Herr Professor Bodack – welche Vorteile bringt uns „Stuttgart 21“?Karl-Dieter Bodack: Wenig. Im Schnitt unterm Strich und im Durchschnitt sind die Fahrgäste in den Zügen eine halbe Minute schneller in Stuttgart. 30 Sekunden schneller. Das muss man in Relation zu mindestens 10 Milliarden Kosten einschließlich der Neubaustrecke Ulm-Stuttgart sehen. Zehn Milliarden für eine halbe Minute.

Julian Aicher: Wie kommen Sie zu dieser Behauptung?

Karl-Dieter Bodack: Die frühere Stuttgarter Umweltministerin Tanja Gönner hat noch vor der letzten Landtagswahl bei SMA eine Studie in Auftrag gegeben. Und dort hat man extrem gründlich, umfangreich und genau gerechnet. Da wurde dann nicht gelobt, dass ein leerer Zug schneller ankommt – das bringt ja nichts. SMA ging bei seinen Berechnungen von den Fahrgästen aus. Also Bahnfahrenden, die aus Karlsruhe, Mannheim, Horb, Crailsheim oder Ulm nach Stuttgart rein fahren. Manche dieser Züge – zum Beispiel aus Ulm – sind tatsächlich schneller.

Manche Fahrgäste kämen aber dank „Stuttgart 21“ aber auch deutlich später in Stuttgart an, weil es aus diesen Richtungen teils nur eingleisige Verbindungen gibt. Horb zum Beispiel. Oder Aalen. Alles mit allem verrechnet brächte „Stuttgart 21“  30 Sekunden Zeiteinsparung. „K 21“ – also der verbesserte Kopfbahnhof, brächte 54 Sekunden Beschleunigung. Mit einem sinnvoll sparsamen Ausbau ganz weniger, kurzer Neubaustrecken südlich von Stuttgart bräuchte man diese Bauten wie in „Stuttgart 21“ und „K 21“ geplant, gar nicht.

Diese Strecken – darunter vor allem vom Flughafen Stuttgart nach Wendlingen, wäre für 200 Millionen Euro zu bauen – ohne teure Tunnels. Man kann sich gut vorstellen, dass dieses SMA-Gutachten bei Frau Gönner damals blankes Entsetzen ausgelöst hat. Ministerin Gönner hat die Studie deshalb sofort in ihrem Giftschrank verschwinden lassen. Nun kann man diese Studie auf der Website des Verkehrsministeriums Stuttgart nachlesen.

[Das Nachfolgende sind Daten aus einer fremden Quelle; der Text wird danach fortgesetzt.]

Lemma y_ge_0 t : 0 <= t -> 0 <= y t.
Proof.
  intros Ht.
  set (b := decay_rate).
  (* [(y * exp (RInt b 0 t))' = u (1 - y) * exp (RInt b 0 t) >= 0] *)
  assert (H : - (y t * exp (RInt b 0 t)) <= - (y 0 * exp (RInt b 0 0))).
  { apply (derive_nonpos_le (fun t => - (y t * exp (RInt b 0 t)))
             (fun x => - (u * (1 - y x) * exp (RInt b 0 x))) 0 t Ht).
    - intros x Hx.
      eapply (is_derive_ext_eq (fun t => 0 - y t * exp (RInt b 0 t))); [intros; ring | |].
      2: { apply is_derive_Rminus; [apply (is_derive_Rconst 0 x)|].
           apply is_derive_Rmult; [apply Hyderive; lra|].
           apply is_derive_Rexp, is_derive_RInt_0, continuous_decay_rate. }
      unfold b, decay_rate. rewrite y_even_eq by lra. ring.
    - intros x Hx. pose proof (y_le_1 x (proj1 Hx)). pose proof (exp_pos (RInt b 0 x)).
      enough (0 <= u * (1 - y x) * exp (RInt b 0 x)) by lra.
      apply Rmult_le_pos; [apply Rmult_le_pos|]; lra. }
  rewrite RInt_point in H. change (zero : R) with 0 in H. rewrite exp_0, Rmult_1_r, Hyinit in H.
  pose proof (exp_pos (RInt b 0 t)). nra.
Qed.

Lemma y_bounds t : 0 <= t -> 0 <= y t <= 1.
Proof. split; [apply y_ge_0 | apply y_le_1]; auto. Qed.

Definition int_compl (t : R) : R := RInt (fun xi => 1 - y_even xi) 0 t.

Lemma int_compl_eq t : 0 <= t -> int_compl t = RInt (fun xi => 1 - y xi) 0 t.
Proof.
  intros Ht. apply RInt_ext; intros x Hx. rewrite Rmin_left, Rmax_right in Hx by lra.
  rewrite y_even_eq by lra. reflexivity.
Qed.

Lemma int_compl_nonneg t : 0 <= t -> 0 <= int_compl t.
Proof.
  intros Ht. apply RInt_ge_0; [exact Ht | |].
  - apply (ex_RInt_continuous (V := R_CompleteNormedModule)); intros; apply continuous_compl_y_even.
  - intros x Hx. rewrite y_even_eq by lra. pose proof (y_le_1 x); lra.
Qed.

Lemma int_compl_0 : int_compl 0 = 0.
Proof. unfold int_compl. now rewrite RInt_point. Qed.

Lemma is_derive_int_compl t : is_derive int_compl t (1 - y_even t).
Proof. apply (is_derive_RInt_0 (fun xi => 1 - y_even xi)), continuous_compl_y_even. Qed.

(* [u - s y] solves the linear equation [w' = - s (1 - y) w]. *)
Lemma u_minus_sy_eq t : 0 <= t -> u - s * y t = (u - s * y0) * exp (- s * int_compl t).
Proof.
  intros Ht.
  rewrite (linear_ode_solution (fun t => u - s * y t) decay_rate t continuous_decay_rate); [| |lra].
  - rewrite Hyinit. f_equal. f_equal.
    unfold int_compl. rewrite (RInt_ext _ (fun x => scal s (1 - y_even x))) by reflexivity.
    rewrite (RInt_scal (V := R_CompleteNormedModule)).
    + cbn; unfold mult; cbn; ring.
    + apply (ex_RInt_continuous (V := R_CompleteNormedModule)); intros.
      apply continuous_compl_y_even.
  - intros x Hx. eapply is_derive_ext_eq; [reflexivity | |].
    2: { apply is_derive_Rminus; [apply is_derive_Rconst | apply is_derive_scal, Hyderive; lra]. }
    unfold decay_rate. rewrite y_even_eq by lra. ring.
Qed.

End ODE.

(** * Duality *)

Section Duality.
Variables s u y0 : R.
Variable y : R -> R.
Hypotheses (Hs : 0 <= s) (Hu : 0 <= u) (Hy0 : 0 <= y0 <= 1) (Hyinit : y 0 = y0).
Hypothesis Hyderive : forall t, 0 <= t -> is_derive y t (- s * y t * (1 - y t) + u * (1 - y t)).
Variable r : R.
Hypothesis Hr : 0 <= r.

(* [t |-> E[dual t (a_t)]] is constant: at [t = r] it is [E[anc1 y0 (a_r)] = g r y0 / y0], at
   [t = 0] it is [exp (- s * int_compl y r)]. *)
Definition dual (t : R) (T : tree) : R := exp (- s * int_compl y (r - t)) * anc1 (y (r - t)) T.

Definition dual' (t : R) (T : tree) : R :=
  exp (- s * int_compl y (r - t)) *
  (s * (1 - y (r - t)) * anc1 (y (r - t)) T
   - anc1' (y (r - t)) T * ((1 - y (r - t)) * (u - s * y (r - t)))).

Julian Aicher: Aber das hieße doch: Wieder neue Planfeststellungs- und Genehmigungsverfahren über Jahre?

Karl-Dieter Bodack: Nein. Die wichtige Neubaustrecke Flughafen Stuttgart nach Wendlingen, ist bereits genehmigt. Sie läge neben der Autobahn, wäre also sehr umweltverträglich. Dazu käme für weitere 50 Millionen die Rohrer Kurve. Also alles in allem 250 Millionen. In drei bis vier Jahren könnte man diese neuen Strecken befahren.

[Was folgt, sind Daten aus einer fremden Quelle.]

(* Let $\mathbb{F}$ be a finite field of odd characteristic, $V=\mathbb{F}^d$ with $d>2$, $U$ an $r$-dimensional subspace with $0<r<d$, and $H=\mathrm{GL}(V)_U$. Then $A^2V$ is a uniserial $H$-module whose only $H$-submodules are $\{0\}, A^2U, U\wedge V, A^2V$, where $U\wedge V=\langle u\wedge v\mid u\in U, v\in V\rangle$; the successive factors satisfy $A^2V/(U\wedge V)\cong A^2(V/U)$, $(U\wedge V)/A^2U\cong U\otimes (V/U)$, and they have dimensions $\binom{d-r}2$, $r(d-r)$, $\binom r2$ respectively.
   Context: $A^2V$ is the exterior square of $V$, with $H$ acting diagonally, and $A^2U$ is identified with its image in $A^2V$. *)

From HB Require Import structures.
From mathcomp Require Import all_boot all_order all_algebra all_fingroup all_field.
Set Implicit Arguments. Unset Strict Implicit. Unset Printing Implicit Defensive.
Import GRing.Theory.
Local Open Scope ring_scope.

(* V = F^d as row vectors 'rV[F]_d; GL(V) acts on the right: v |-> v *m g.
   Exterior square A^2 V is modelled as the space of d x d matrices, with
   u /\ v := u^T v - v^T u  (the standard embedding of A^2 V as alternating
   matrices); the diagonal action (u g) /\ (v g) is then M |-> g^T M g. *)
Definition wedge (F : fieldType) (d : nat) (u v : 'rV[F]_d) : 'M[F]_d :=
  u^T *m v - v^T *m u.

(* S /\ T := < u /\ v | u in S, v in T >  (so A^2 U = wedge2 U U,
   U /\ V = wedge2 U fullv, A^2 V = wedge2 fullv fullv). *)
Definition wedge2 (F : finFieldType) (d : nat) (S T : {vspace 'rV[F]_d})
  : {vspace 'M[F]_d} :=
  <<[seq wedge x.1 x.2 |
     x <- enum [pred x : 'rV[F]_d * 'rV[F]_d | (x.1 \in S) && (x.2 \in T)]]>>%VS.

(* S (x) T, modelled inside F^d (x) F^e = 'M_(d,e) via u (x) w := u^T w. *)
Definition tensor2 (F : finFieldType) (d e : nat) (S : {vspace 'rV[F]_d})
  (T : {vspace 'rV[F]_e}) : {vspace 'M[F]_(d, e)} :=
  <<[seq x.1^T *m x.2 |
     x <- enum [pred x : 'rV[F]_d * 'rV[F]_e | (x.1 \in S) && (x.2 \in T)]]>>%VS.

Definition inH (F : fieldType) (d : nat) (U : {vspace 'rV[F]_d}) (g : 'M[F]_d) : Prop :=
  g \in unitmx /\ forall u, u \in U -> u *m g \in U.

Definition Hinvariant (F : fieldType) (d : nat) (U : {vspace 'rV[F]_d})
  (W : {vspace 'M[F]_d}) : Prop :=
  forall g, inH U g -> forall M, M \in W -> g^T *m M *m g \in W.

Und nicht erst lange nach 2020, wie „Stuttgart 21“. Der Effekt für die Fahrgäste wäre in beiden Fällen etwa der selbe. Vorteil: 200.000 Leute, die auf den Fildern leben, hätten schnellere Verbindungen.

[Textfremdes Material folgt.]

(* There exist $p,k,E$ and source covariance matrices $\Sigma_1,\dots,\Sigma_E$ such that every matrix $V^{\mathrm{seq}}=[v_1,\dots,v_k]$ produced by the sequential procedure below fails to solve rank-$k$ minPCA. The sequential procedure chooses orthonormal vectors with $v_1\in\arg\max_{v\in\mathbb{R}^p,\|v\|=1}\min_{e\in\mathcal{E}}\mathcal{L}_{\mathrm{var}}(v;\Sigma_e)$ and, for $2\le j\le k$, $v_j\in\arg\max\{\min_{e\in\mathcal{E}}\mathcal{L}_{\mathrm{var}}([v_1,\dots,v_{j-1},v];\Sigma_e): v\in\mathbb{R}^p,\ \|v\|=1,\ v\perp v_i\ \forall i<j\}$.
   Context: $\mathcal{O}_{p\times k}=\{V\in\mathbb{R}^{p\times k}:V^\top V=I_k\}$; source domains $\mathcal{E}=\{1,\dots,E\}$ with symmetric positive semidefinite covariances $\Sigma_e$ of positive trace. $\mathcal{L}_{\mathrm{var}}(V;\Sigma)=\operatorname{Tr}(V^\top\Sigma V)$ for any $V$ with orthonormal columns. $V^*$ solves rank-$k$ minPCA if $V^*\in\arg\max_{V\in\mathcal{O}_{p\times k}}\min_{e\in\mathcal{E}}\mathcal{L}_{\mathrm{var}}(V;\Sigma_e)$. *)

From HB Require Import structures.
From mathcomp Require Import all_boot all_order all_algebra.
From mathcomp Require Import Rstruct.
From Stdlib Require Import Rdefinitions.
Set Implicit Arguments. Unset Strict Implicit. Unset Printing Implicit Defensive.
Import Order.TTheory GRing.Theory Num.Theory.
Local Open Scope ring_scope.

Definition orthonormal (p m : nat) (V : 'M[R]_(p, m)) : Prop :=
  V^T *m V = 1%:M.

Definition Lvar (p m : nat) (V : 'M[R]_(p, m)) (S : 'M[R]_p) : R :=
  \tr (V^T *m S *m V).

(* min over the E.+1 source domains {0,...,E} of L_var(V; Sigma_e). *)
Definition minLvar (p m E : nat) (Sig : 'I_E.+1 -> 'M[R]_p) (V : 'M[R]_(p, m)) : R :=
  \big[Num.min/Lvar V (Sig ord0)]_(e < E.+1) Lvar V (Sig e).

Definition valid_cov (p : nat) (S : 'M[R]_p) : Prop :=
  S^T = S /\ (forall x : 'cV[R]_p, 0 <= (x^T *m S *m x) 0 0) /\ 0 < \tr S.

Definition minPCA_sol (p k E : nat) (Sig : 'I_E.+1 -> 'M[R]_p) (V : 'M[R]_(p, k)) : Prop :=
  orthonormal V /\
  forall W : 'M[R]_(p, k), orthonormal W -> minLvar Sig W <= minLvar Sig V.

(* [v_1, ..., v_{j-1}, v] (0-based: the first j columns of V followed by v),
   a p x (j+1) matrix. *)
Definition prefix_with (p k : nat) (V : 'M[R]_(p, k)) (j : 'I_k) (v : 'cV[R]_p)
  : 'M[R]_(p, j.+1) :=
  \matrix_(a < p, b < j.+1)
     if (b < j)%nat then V a (widen_ord (ltn_ord j) b) else v a 0.

Definition admissible (p k : nat) (V : 'M[R]_(p, k)) (j : 'I_k) (v : 'cV[R]_p) : Prop :=
  v^T *m v = 1%:M /\ forall i : 'I_k, (i < j)%nat -> v^T *m col i V = 0.

Definition sequential_output (p k E : nat) (Sig : 'I_E.+1 -> 'M[R]_p)
  (V : 'M[R]_(p, k)) : Prop :=
  forall j : 'I_k,
    admissible V j (col j V) /\
    forall v : 'cV[R]_p, admissible V j v ->
      minLvar Sig (prefix_with V j v) <= minLvar Sig (prefix_with V j (col j V)).

From Pilot Require Import Defs.
From HB Require Import structures.
From mathcomp Require Import all_boot all_order all_algebra.
From mathcomp Require Import Rstruct.
From Stdlib Require Import Rdefinitions.
From mathcomp Require Import ring lra.
Import Order.TTheory GRing.Theory Num.Theory.
Set Implicit Arguments. Unset Strict Implicit. Unset Printing Implicit Defensive.
Local Open Scope ring_scope.

(* Take Sigma_w = w w^T + e_z e_z^T / 2 on R^3 for the four horizontal directions
   w = e_x, e_y, e_x + e_y, e_x - e_y.  For a horizontal vector (x, y), the smallest
   of x^2, y^2, (x + y)^2, (x - y)^2 is at most (x^2 + y^2) / 2, and only (x, y) = 0
   attains that bound: equality in the first two forces x^2 = y^2, and then one of
   (x + y)^2, (x - y)^2 vanishes.  Hence the greedy first direction must be the
   vertical e_z (worst-case variance 1/2), the second one is then horizontal, and the
   resulting frame has worst-case variance < 1, whereas the frame [e_x, e_y] reaches 1. *)

Lemma le_minLvarP (p m E : nat) (Sig : 'I_E.+1 -> 'M[R]_p) (V : 'M[R]_(p, m)) (c : R) :
  reflect (forall e, c <= Lvar V (Sig e)) (c <= minLvar Sig V).
Proof.
apply: (iffP (bigmin_geP _ _ _ _)) => [[_ cle] e | cle]; first exact: cle.
by split=> [|e _]; apply: cle.
Qed.

Lemma Lvar_entries (p m : nat) (V : 'M[R]_(p, m)) (S : 'M[R]_p) :
  Lvar V S = \sum_(a < m) \sum_(i < p) \sum_(j < p) V i a * S i j * V j a.
Proof.
rewrite /Lvar /mxtrace; apply: eq_bigr => a _.
rewrite !mxE exchange_big /=; apply: eq_bigr => j _.
by rewrite !mxE mulr_suml; apply: eq_bigr => i _; rewrite !mxE.
Qed.

Lemma orthonormal_entries (p m : nat) (V : 'M[R]_(p, m)) :
  Defs.orthonormal V -> forall a b, \sum_(i < p) V i a * V i b = (a == b)%:R.
Proof.
move=> /matrixP oV a b; have := oV a b; rewrite !mxE => <-.
by apply: eq_bigr => i _; rewrite mxE.
Qed.

Lemma prefix_with0 (p k : nat) (V : 'M[R]_(p, k.+1)) (v : 'cV[R]_p) :
  prefix_with V ord0 v = v.
Proof. by apply/matrixP => a b; rewrite !mxE ord1. Qed.

Definition ix : 'I_3 := @Ordinal 3 0 isT.
Definition iy : 'I_3 := @Ordinal 3 1 isT.
Definition iz : 'I_3 := @Ordinal 3 2 isT.

Lemma sum_ord3 (f : 'I_3 -> R) : \sum_(i < 3) f i = f ix + f iy + f iz.
Proof.
rewrite !big_ord_recr big_ord0 /= add0r.
by congr (f _ + f _ + f _); apply: val_inj.
Qed.

Lemma sum_ord2 (f : 'I_2 -> R) : \sum_(i < 2) f i = f ord0 + f ord_max.
Proof. by rewrite big_ord_recr big_ord1; congr (f _ + _); apply: val_inj. Qed.

Definition dir (e : 'I_4) : R * R :=
  match val e with 0 => (1, 0) | 1 => (0, 1) | 2 => (1, 1) | _ => (1, -1) end%N.

Definition dir_sq (e : 'I_4) (x y : R) : R := ((dir e).1 * x + (dir e).2 * y) ^+ 2.

Lemma dir_sq0 (e : 'I_4) : dir_sq e 0 0 = 0.
Proof. by rewrite /dir_sq !mulr0 addr0 expr0n. Qed.

Lemma dir_sq_half_norm_eq0 (x y : R) :
  (forall e, (x ^+ 2 + y ^+ 2) / 2 <= dir_sq e x y) -> x = 0 /\ y = 0.
Proof.
move=> le_dir.
have := le_dir (@Ordinal 4 0 isT); have := le_dir (@Ordinal 4 1 isT).
have := le_dir (@Ordinal 4 2 isT); have := le_dir (@Ordinal 4 3 isT).
rewrite /dir_sq /= !mul1r !mul0r addr0 add0r mulN1r => hm hp hy hx.
have sq_xy : x ^+ 2 = y ^+ 2 by lra.
have x2 : x ^+ 2 = 0.
  by apply/eqP; rewrite -[_ == 0]orbb -mulf_eq0; apply/eqP; nra.
by split; apply/eqP; rewrite -sqrf_eq0 ?x2 // -sq_xy x2.
Qed.

Definition cov (w : R * R) : 'M[R]_3 :=
  let wv i := if i == ix then w.1 else if i == iy then w.2 else 0 in
  \matrix_(i, j) (wv i * wv j + (if (i == iz) && (j == iz) then 2^-1 else 0)).

Definition Sigma (e : 'I_4) : 'M[R]_3 := cov (dir e).

Lemma Lvar_Sigma (m : nat) (V : 'M[R]_(3, m)) (e : 'I_4) :
  Lvar V (Sigma e) = \sum_(a < m) (dir_sq e (V ix a) (V iy a) + V iz a ^+ 2 / 2).
Proof.
rewrite Lvar_entries; apply: eq_bigr => a _.
by rewrite !sum_ord3 !mxE /dir_sq /=; ring.
Qed.

Lemma valid_cov_Sigma (e : 'I_4) : valid_cov (Sigma e).
Proof.
split; [|split].
- by apply/matrixP => i j; rewrite !mxE mulrC andbC.
- move=> v; have -> : (v^T *m Sigma e *m v) 0 0 = Lvar v (Sigma e).
    by rewrite /Lvar /mxtrace big_ord1.
  rewrite Lvar_Sigma big_ord1 /dir_sq.
  by apply: addr_ge0; [exact: sqr_ge0 | apply: mulr_ge0; [exact: sqr_ge0 | lra]].
- rewrite /mxtrace sum_ord3 !mxE /=.
  have : 0 <= (dir e).1 * (dir e).1 + (dir e).2 * (dir e).2 by nra.
  lra.
Qed.

Lemma sequential_first_col_vertical (k : nat) (V : 'M[R]_(3, k.+1)) :
  sequential_output Sigma V -> V ix ord0 = 0 /\ V iy ord0 = 0.
Proof.
move=> /(_ ord0) [[unit_v _] opt_v].
have := orthonormal_entries unit_v 0 0; rewrite sum_ord3 !mxE /= => norm_v.
pose ez : 'cV[R]_3 := \col_i (if i == iz then 1 else 0).
have adm_ez : admissible V ord0 ez.
  split=> //; apply/matrixP => i j; rewrite !ord1 !mxE sum_ord3 !mxE /=; lra.
have half_le_ez : 2^-1 <= minLvar Sigma ez.
  apply/le_minLvarP => e; rewrite Lvar_Sigma big_ord1 !mxE /= dir_sq0 expr1n; lra.
have := opt_v ez adm_ez; rewrite !prefix_with0 => /(le_trans half_le_ez).
move=> /le_minLvarP half_le_v; apply: dir_sq_half_norm_eq0 => e.
have := half_le_v e; rewrite Lvar_Sigma big_ord1 !mxE; lra.
Qed.

Lemma minLvar_vertical_lt1 (V : 'M[R]_(3, 2)) :
  Defs.orthonormal V -> V ix ord0 = 0 -> V iy ord0 = 0 -> minLvar Sigma V < 1.
Proof.
move=> oV x0 y0; have := orthonormal_entries oV.
move=> /[dup] /(_ ord0 ord0) n00 /[dup] /(_ ord0 ord_max) n01 /(_ ord_max ord_max) n11.
rewrite !sum_ord3 x0 y0 /= in n00 n01 n11.
have z1 : V iz ord_max = 0 by nra.
rewrite z1 in n11; rewrite ltNge; apply/negP => /le_minLvarP one_le_V.
suff [x1 y1] : V ix ord_max = 0 /\ V iy ord_max = 0 by rewrite x1 y1 in n11; lra.
apply: dir_sq_half_norm_eq0 => e; have := one_le_V e.
rewrite Lvar_Sigma sum_ord2 x0 y0 z1 dir_sq0; lra.
Qed.

Definition std_frame : 'M[R]_(3, 2) := \matrix_(i, j) (val i == val j)%:R.

Lemma orthonormal_std_frame : Defs.orthonormal std_frame.
Proof.
apply/matrixP => a b; rewrite !mxE sum_ord3 !mxE.
by case: a => [[|[|]] ?]; case: b => [[|[|]] ?] //=; lra.
Qed.

Lemma one_le_minLvar_std_frame : 1 <= minLvar Sigma std_frame.
Proof.
apply/le_minLvarP => e; rewrite Lvar_Sigma sum_ord2 !mxE /dir_sq /=.
by case: e => [[|[|[|[|]]]] ?] //=; lra.
Qed.

Theorem mainTheorem4 :
  exists (p k E : nat) (Sig : 'I_E.+1 -> 'M[R]_p),
    (0 < k)%nat /\ (k <= p)%nat /\
    (forall e, valid_cov (Sig e)) /\
    forall V : 'M[R]_(p, k), sequential_output Sig V -> ~ minPCA_sol Sig V.
Proof.
exists 3%N, 2%N, 3%N, Sigma.
do 3!split => //; first exact: valid_cov_Sigma.
move=> V seqV [oV optV].
have [x0 y0] := sequential_first_col_vertical seqV.
have := le_trans one_le_minLvar_std_frame (optV _ orthonormal_std_frame).
by rewrite leNgt minLvar_vertical_lt1.
Qed.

Übrigens: Derjenige Streckenbereich von „Stuttgart 21“ am und beim Flughafen Stuttgart ist bisher nicht planfestgestellt also noch nicht genehmigt. Und das ist der Mittelteil. Das heißt: Ohne diesen Teil sind die anderen „Stuttgart 21“-Strecken völlig sinnlos. Das ist in etwa so, wenn Sie ein Haus bauen wollen, für das zwar das Erdgeschoss und das Dachgeschoss genehmigt worden sind, nicht aber das erste Obergeschoss dazwischen. Kein vernünftiger Mensch würde anfangen, so etwas bauen!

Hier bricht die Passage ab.